International Women’s Day: The Women of FluidOne
8 · MAR ·2017
Wednesday 8th March 2017 is International Women’s Day and to commemorate we asked the women of FluidOne some of the big questions surrounding working in the technology industry.
You can find an infographic featuring some of the key stats here.
When it comes to the technology industry, change rules supreme. In just 12 months we’ve seen Amazon deliver a package by drone, SanDisk release a 1TB SD card and SpaceX land a rocket (vertically!) in the ocean. But in an industry that is leading and innovating through rapid and extraordinary change, there are still larger paradigms that are yet to make the required shift.
The number of women working in technology, for example, is still alarming low. Apple has 20% of women employees in technology; Google has 17% of women in its workforce, while Microsoft, Facebook and Twitter have 16.6%, 15% and 10% respectively. For comparison, 25% of FluidOne’s workforce is made up of females. But why is this? And what stops or attracts women to working in technology? Does it even matter?
“A higher level of women in the business was not what attracted me to FluidOne as this wasn’t obvious to me when I came in for interviews. What really attracted me initially to FluidOne was the reputation of the company being a disruptor in the market.” says Audra Simons, Head of Innovation at FluidOne: “As I delved deeper into my research I uncovered a company that is not only disruptive but truly dedicated to what they do, winning awards for innovation, customer services and best small firm to work for, along with visionary leadership and a focus on charity.”
A recent PWC study shows that 27% of females they surveyed say they would consider a career in technology, compared to 61% of males, and only 3% say it is their first choice. This data aligns with a survey we ran internally which states that 70% of the women working for FluidOne arrived in technology through a career change and not as their first job out of education. As a comparison, 70% of the male workforce of FluidOne first decided to work in technology during some form of education.
The lack of visible and, perhaps more indicatively, well communicated success of women in the technology industry may be putting off the younger generation With just 5% of women in leadership positions in technology and with just 22% of students being able to name a famous female working in technology, a perceived lack of female role models may be reinforcing that technology is not for them.
These figures may seem negative but the reality of it actually is quite different as the women that do work in tech are generally looking to stay there, with 75% of FluidOne’s women saying that they will be staying in the industry for 5 years or longer.

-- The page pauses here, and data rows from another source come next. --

Lemma monomial_set0 g : monomial g set0 = tone Vd.
Proof. by congr pair; [apply/ffunP => w; rewrite !ffunE|]; rewrite big_set0. Qed.

Lemma monomial_set1 g u : monomial g [set u] = tmul (zterm (g u)) (xvar (g u)).
Proof.
rewrite /monomial /tmul big_set1 /=; congr pair; last by rewrite /zterm; case: (inS F B (g u)).
apply/ffunP => w; rewrite !ffunE big_set1 eq_sym.
by rewrite /zterm; case: (inS F B (g u)); rewrite ffunE.
Qed.

Lemma monomial_setU g (X Y : {set V}) :
  [disjoint X & Y] -> monomial g (X :|: Y) = tmul (monomial g X) (monomial g Y).
Proof.
move=> XY; congr pair; [apply/ffunP => w; rewrite !ffunE|]; rewrite -bigU //;
  by apply: eq_bigl => x; rewrite !inE.
Qed.

Lemma monomial_eq_in g h (X : {set V}) : {in X, g =1 h} -> monomial g X = monomial h X.
Proof.
by move=> gh; congr pair; [apply/ffunP => w; rewrite !ffunE|]; apply: eq_bigr => x /gh ->.
Qed.

Lemma monomial_setT g :
  monomial g setT = ([ffun w => #|g @^-1: [set w]|], #|g @^-1: Sset F B|).
Proof.
congr pair; [apply/ffunP => w; rewrite !ffunE|]; rewrite -sum1_card [RHS]big_mkcond;
  by apply: eq_big => [x|x _]; rewrite !inE //; case: ifP => ->.
Qed.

“Technology is addictive and ever changing. Male or female once you get the addiction, it is hard to go and work in any other industry.” continues Audra: “I have tried but the craving for the stimulation of creating new innovative technology solutions and taking them to market was too much to stay away from. With technology, we are reshaping our world and how we interact with it and it’s incredible to be part of driving the transformation.”
Audra’s sentiment is telling as it looks as though the paradigm is shifting towards a more diverse working environment; with both the men and women we surveyed internally agreeing that in the next 15 years’ women would be equally represented in the technology industry.

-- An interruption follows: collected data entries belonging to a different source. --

Let Az : 'M[R]_(n' + n'' + (n' + n'' + K)) :=
  block_mx Fm (row_mx 0 G) 0 (block_mx Fm G 0 L).
Let bz : 'cV[R]_(n' + n'' + (n' + n'' + K)) := col_mx bF (col_mx bF 0).

Let AzE x c w : Az *m col_mx x (col_mx c w) + bz =
  col_mx (Fm *m x + G *m w + bF) (col_mx (Fm *m c + G *m w + bF) (L *m w)).
Proof.
rewrite mul_block_col mul_row_col mul_block_col !mul0mx !add0r.
by rewrite add_col_mx add_col_mx addr0.
Qed.

Let is_derive_W (x1 : R -> 'cV[R]_n') t : is_derive t 1 x1 (A' *m x1 t + D) ->
  is_derive t 1 (fun s => W (x1 s)) (L *m W (x1 t)).
Proof. by move/is_derive_homog; exact: is_derive_tensor_pow. Qed.

Let lift_solution x0 y : is_solution F x0 y ->
  is_solution (fun z => Az *m z + bz) (col_mx x0 (obs x0))
    (fun t => col_mx (y t) (obs (y t))).
Proof.
move=> [y0 y_dy]; split=> [|t]; first by rewrite y0.
have y1_dy1 : is_derive t 1 (fun s => usubmx (y s)) (A' *m usubmx (y t) + D).
  by have := is_derive_usubmx (y_dy t); rewrite /F col_mxKu.
apply: is_derive_eq (is_derive_col_mx (y_dy t)
  (is_derive_col_mx (y_dy t) (is_derive_W y1_dy1))) _.
by rewrite AzE FE.
Qed.

Let proj_solution x0 z :
  is_solution (fun z => Az *m z + bz) (col_mx x0 (obs x0)) z ->
  is_solution F x0 (fun t => usubmx (z t)).
Proof.
move=> [z0 z_dz].
pose x t := usubmx (z t); pose w t := dsubmx (dsubmx (z t)).
have z_dzE t : Az *m z t + bz = col_mx (Fm *m x t + G *m w t + bF)
    (col_mx (Fm *m usubmx (dsubmx (z t)) + G *m w t + bF) (L *m w t)).
  by rewrite -AzE !vsubmxK.
have x_dx t : is_derive t 1 x (Fm *m x t + G *m w t + bF).
  by have := is_derive_usubmx (z_dz t); rewrite z_dzE col_mxKu.
have x1_dx1 t : is_derive t 1 (fun s => usubmx (x s)) (A' *m usubmx (x t) + D).
  by have := is_derive_usubmx (x_dx t); rewrite usubmx_field.
have wE : w = fun t => W (usubmx (x t)).
  apply: (linear_ode_uniq (M := L) (v0 := W (usubmx x0))); split.
  - by rewrite /w z0 !col_mxKd.
  - move=> s; have := is_derive_dsubmx (is_derive_dsubmx (z_dz s)).
    by rewrite z_dzE !col_mxKd.
  - by rewrite /x z0 col_mxKu.
  - by move=> s; exact: is_derive_W.
split=> [|t]; first by rewrite z0 col_mxKu.
have wt : w t = W (usubmx (x t)) by rewrite wE.
by rewrite FE -wt; exact: x_dx.
Qed.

“If schools are focusing on gender-specific skills to teach men and women they will naturally evolve into roles that demonstrate that (i.e. women are encouraged to work in empathetic roles focusing on people, the creative areas, arts whilst men are encouraged to be leaders, use their analytical skills aka engineers, developers, CEO’s)” says Nicole Keegan, People Operations Manager at FluidOne: “The improvement will come in 15 years because our generation has finally acknowledged this is a problem and is ensuring this isn’t the case for future generations!”
In an ideal world all jobs in technology would be judged on merit alone, however, in an industry that has traditionally been populated with males, this has not always been the case. It does appear that the tides are changing with some positive stats showing that 41% of Computer Science sophomores at Harvard were women. This is an increase of 34% since 2011.
There is a clear ROI for businesses too as companies are 15% more likely to perform better if they are gender diverse and 85% of corporate diversity and talent leaders agreed that “A diverse and inclusive workforce is crucial to encouraging different perspectives and ideas that drive innovation”.
“Diversity of all levels is valuable for the dynamics of a workplace.” adds Nicole: “Different opinions and values are brought to a workforce by employing those with both a keen drive to build a career and form a part of their workplace, whatever gender. Within technology there is still a clear employee number gap between genders, however, where gender equality is exercised at an increased rate, the benefits are far more visible.”